● THE TASK
With nothing left out, repeat every entry exactly.

──────── INFORMATION SHOWN ────────

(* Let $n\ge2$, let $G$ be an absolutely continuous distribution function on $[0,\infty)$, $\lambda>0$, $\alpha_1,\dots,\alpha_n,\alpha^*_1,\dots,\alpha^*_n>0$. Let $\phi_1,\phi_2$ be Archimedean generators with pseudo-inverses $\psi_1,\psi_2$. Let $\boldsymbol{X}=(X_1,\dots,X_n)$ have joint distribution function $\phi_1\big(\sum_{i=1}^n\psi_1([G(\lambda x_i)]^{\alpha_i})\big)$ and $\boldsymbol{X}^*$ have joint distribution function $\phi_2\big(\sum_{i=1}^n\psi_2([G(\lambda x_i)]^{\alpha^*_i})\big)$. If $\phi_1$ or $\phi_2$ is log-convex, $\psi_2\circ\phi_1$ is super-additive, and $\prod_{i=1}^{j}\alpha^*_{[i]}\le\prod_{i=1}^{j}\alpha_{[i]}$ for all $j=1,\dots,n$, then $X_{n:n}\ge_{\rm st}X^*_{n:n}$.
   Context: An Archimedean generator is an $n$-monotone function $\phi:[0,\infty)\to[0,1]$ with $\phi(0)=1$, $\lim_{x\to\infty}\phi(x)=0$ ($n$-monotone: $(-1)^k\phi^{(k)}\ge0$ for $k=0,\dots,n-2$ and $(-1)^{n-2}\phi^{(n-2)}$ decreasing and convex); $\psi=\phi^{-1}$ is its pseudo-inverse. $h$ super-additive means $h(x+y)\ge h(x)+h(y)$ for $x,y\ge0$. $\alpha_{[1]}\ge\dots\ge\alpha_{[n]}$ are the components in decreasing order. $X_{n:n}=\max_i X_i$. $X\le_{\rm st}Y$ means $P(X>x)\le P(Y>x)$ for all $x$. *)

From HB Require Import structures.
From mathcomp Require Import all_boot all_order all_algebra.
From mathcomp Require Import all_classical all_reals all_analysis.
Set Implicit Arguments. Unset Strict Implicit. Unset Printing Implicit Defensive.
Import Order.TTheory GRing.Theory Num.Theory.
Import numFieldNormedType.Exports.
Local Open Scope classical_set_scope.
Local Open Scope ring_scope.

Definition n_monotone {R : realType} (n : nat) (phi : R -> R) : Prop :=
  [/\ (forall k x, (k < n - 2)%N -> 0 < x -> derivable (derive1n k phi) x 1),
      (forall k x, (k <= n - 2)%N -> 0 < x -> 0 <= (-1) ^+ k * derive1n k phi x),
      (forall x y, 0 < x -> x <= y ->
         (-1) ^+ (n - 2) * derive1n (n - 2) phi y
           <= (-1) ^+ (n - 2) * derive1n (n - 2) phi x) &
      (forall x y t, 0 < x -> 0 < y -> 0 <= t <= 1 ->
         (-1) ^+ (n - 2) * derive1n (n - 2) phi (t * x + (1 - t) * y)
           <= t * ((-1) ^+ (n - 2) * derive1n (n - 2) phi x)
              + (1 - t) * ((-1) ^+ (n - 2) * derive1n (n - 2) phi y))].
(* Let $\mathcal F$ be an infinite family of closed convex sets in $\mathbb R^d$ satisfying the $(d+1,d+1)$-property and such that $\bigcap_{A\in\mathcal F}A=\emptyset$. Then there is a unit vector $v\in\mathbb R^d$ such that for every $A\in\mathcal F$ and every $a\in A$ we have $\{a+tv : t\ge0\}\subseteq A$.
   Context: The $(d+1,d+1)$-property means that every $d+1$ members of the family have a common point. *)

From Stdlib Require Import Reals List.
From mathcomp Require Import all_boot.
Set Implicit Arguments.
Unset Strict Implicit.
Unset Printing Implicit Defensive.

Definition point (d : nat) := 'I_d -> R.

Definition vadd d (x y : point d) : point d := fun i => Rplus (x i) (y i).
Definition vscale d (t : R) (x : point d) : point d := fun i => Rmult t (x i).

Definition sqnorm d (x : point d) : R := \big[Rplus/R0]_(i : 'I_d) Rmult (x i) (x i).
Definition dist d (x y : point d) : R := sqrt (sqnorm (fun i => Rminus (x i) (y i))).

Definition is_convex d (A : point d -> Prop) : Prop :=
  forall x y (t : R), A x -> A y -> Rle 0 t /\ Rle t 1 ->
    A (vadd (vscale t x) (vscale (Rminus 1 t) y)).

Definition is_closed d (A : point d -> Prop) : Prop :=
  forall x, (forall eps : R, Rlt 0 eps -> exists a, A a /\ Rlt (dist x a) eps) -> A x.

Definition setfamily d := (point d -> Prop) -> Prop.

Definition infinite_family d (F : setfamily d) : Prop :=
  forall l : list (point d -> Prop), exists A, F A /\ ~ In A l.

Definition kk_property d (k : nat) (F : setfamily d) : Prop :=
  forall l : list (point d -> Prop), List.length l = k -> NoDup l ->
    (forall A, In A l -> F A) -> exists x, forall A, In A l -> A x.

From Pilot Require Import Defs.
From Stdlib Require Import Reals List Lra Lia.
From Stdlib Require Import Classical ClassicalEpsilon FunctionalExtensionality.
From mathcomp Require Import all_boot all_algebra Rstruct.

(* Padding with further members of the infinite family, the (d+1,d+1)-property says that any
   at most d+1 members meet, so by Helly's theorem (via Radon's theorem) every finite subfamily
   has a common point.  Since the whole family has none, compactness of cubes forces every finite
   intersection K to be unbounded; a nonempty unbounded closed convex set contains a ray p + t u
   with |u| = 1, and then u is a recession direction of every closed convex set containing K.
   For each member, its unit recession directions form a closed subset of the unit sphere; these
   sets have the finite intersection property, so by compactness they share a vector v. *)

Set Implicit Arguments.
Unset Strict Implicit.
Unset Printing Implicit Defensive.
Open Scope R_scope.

────────

● RESPONSE TO THE TASK
(* Let $n\ge2$, let $G$ be an absolutely continuous distribution function on $[0,\infty)$, $\lambda>0$, $\alpha_1,\dots,\alpha_n,\alpha^*_1,\dots,\alpha^*_n>0$. Let $\phi_1,\phi_2$ be Archimedean generators with pseudo-inverses $\psi_1,\psi_2$. Let $\boldsymbol{X}=(X_1,\dots,X_n)$ have joint distribution function $\phi_1\big(\sum_{i=1}^n\psi_1([G(\lambda x_i)]^{\alpha_i})\big)$ and $\boldsymbol{X}^*$ have joint distribution function $\phi_2\big(\sum_{i=1}^n\psi_2([G(\lambda x_i)]^{\alpha^*_i})\big)$. If $\phi_1$ or $\phi_2$ is log-convex, $\psi_2\circ\phi_1$ is super-additive, and $\prod_{i=1}^{j}\alpha^*_{[i]}\le\prod_{i=1}^{j}\alpha_{[i]}$ for all $j=1,\dots,n$, then $X_{n:n}\ge_{\rm st}X^*_{n:n}$.
   Context: An Archimedean generator is an $n$-monotone function $\phi:[0,\infty)\to[0,1]$ with $\phi(0)=1$, $\lim_{x\to\infty}\phi(x)=0$ ($n$-monotone: $(-1)^k\phi^{(k)}\ge0$ for $k=0,\dots,n-2$ and $(-1)^{n-2}\phi^{(n-2)}$ decreasing and convex); $\psi=\phi^{-1}$ is its pseudo-inverse. $h$ super-additive means $h(x+y)\ge h(x)+h(y)$ for $x,y\ge0$. $\alpha_{[1]}\ge\dots\ge\alpha_{[n]}$ are the components in decreasing order. $X_{n:n}=\max_i X_i$. $X\le_{\rm st}Y$ means $P(X>x)\le P(Y>x)$ for all $x$. *)

From HB Require Import structures.
From mathcomp Require Import all_boot all_order all_algebra.
From mathcomp Require Import all_classical all_reals all_analysis.
Set Implicit Arguments. Unset Strict Implicit. Unset Printing Implicit Defensive.
Import Order.TTheory GRing.Theory Num.Theory.
Import numFieldNormedType.Exports.
Local Open Scope classical_set_scope.
Local Open Scope ring_scope.

Definition n_monotone {R : realType} (n : nat) (phi : R -> R) : Prop :=
  [/\ (forall k x, (k < n - 2)%N -> 0 < x -> derivable (derive1n k phi) x 1),
      (forall k x, (k <= n - 2)%N -> 0 < x -> 0 <= (-1) ^+ k * derive1n k phi x),
      (forall x y, 0 < x -> x <= y ->
         (-1) ^+ (n - 2) * derive1n (n - 2) phi y
           <= (-1) ^+ (n - 2) * derive1n (n - 2) phi x) &
      (forall x y t, 0 < x -> 0 < y -> 0 <= t <= 1 ->
         (-1) ^+ (n - 2) * derive1n (n - 2) phi (t * x + (1 - t) * y)
           <= t * ((-1) ^+ (n - 2) * derive1n (n - 2) phi x)
              + (1 - t) * ((-1) ^+ (n - 2) * derive1n (n - 2) phi y))].
(* Let $\mathcal F$ be an infinite family of closed convex sets in $\mathbb R^d$ satisfying the $(d+1,d+1)$-property and such that $\bigcap_{A\in\mathcal F}A=\emptyset$. Then there is a unit vector $v\in\mathbb R^d$ such that for every $A\in\mathcal F$ and every $a\in A$ we have $\{a+tv : t\ge0\}\subseteq A$.
   Context: The $(d+1,d+1)$-property means that every $d+1$ members of the family have a common point. *)

From Stdlib Require Import Reals List.
From mathcomp Require Import all_boot.
Set Implicit Arguments.
Unset Strict Implicit.
Unset Printing Implicit Defensive.

Definition point (d : nat) := 'I_d -> R.

Definition vadd d (x y : point d) : point d := fun i => Rplus (x i) (y i).
Definition vscale d (t : R) (x : point d) : point d := fun i => Rmult t (x i).

Definition sqnorm d (x : point d) : R := \big[Rplus/R0]_(i : 'I_d) Rmult (x i) (x i).
Definition dist d (x y : point d) : R := sqrt (sqnorm (fun i => Rminus (x i) (y i))).

Definition is_convex d (A : point d -> Prop) : Prop :=
  forall x y (t : R), A x -> A y -> Rle 0 t /\ Rle t 1 ->
    A (vadd (vscale t x) (vscale (Rminus 1 t) y)).

Definition is_closed d (A : point d -> Prop) : Prop :=
  forall x, (forall eps : R, Rlt 0 eps -> exists a, A a /\ Rlt (dist x a) eps) -> A x.

Definition setfamily d := (point d -> Prop) -> Prop.

Definition infinite_family d (F : setfamily d) : Prop :=
  forall l : list (point d -> Prop), exists A, F A /\ ~ In A l.

Definition kk_property d (k : nat) (F : setfamily d) : Prop :=
  forall l : list (point d -> Prop), List.length l = k -> NoDup l ->
    (forall A, In A l -> F A) -> exists x, forall A, In A l -> A x.

From Pilot Require Import Defs.
From Stdlib Require Import Reals List Lra Lia.
From Stdlib Require Import Classical ClassicalEpsilon FunctionalExtensionality.
From mathcomp Require Import all_boot all_algebra Rstruct.

(* Padding with further members of the infinite family, the (d+1,d+1)-property says that any
   at most d+1 members meet, so by Helly's theorem (via Radon's theorem) every finite subfamily
   has a common point.  Since the whole family has none, compactness of cubes forces every finite
   intersection K to be unbounded; a nonempty unbounded closed convex set contains a ray p + t u
   with |u| = 1, and then u is a recession direction of every closed convex set containing K.
   For each member, its unit recession directions form a closed subset of the unit sphere; these
   sets have the finite intersection property, so by compactness they share a vector v. *)

Set Implicit Arguments.
Unset Strict Implicit.
Unset Printing Implicit Defensive.
Open Scope R_scope.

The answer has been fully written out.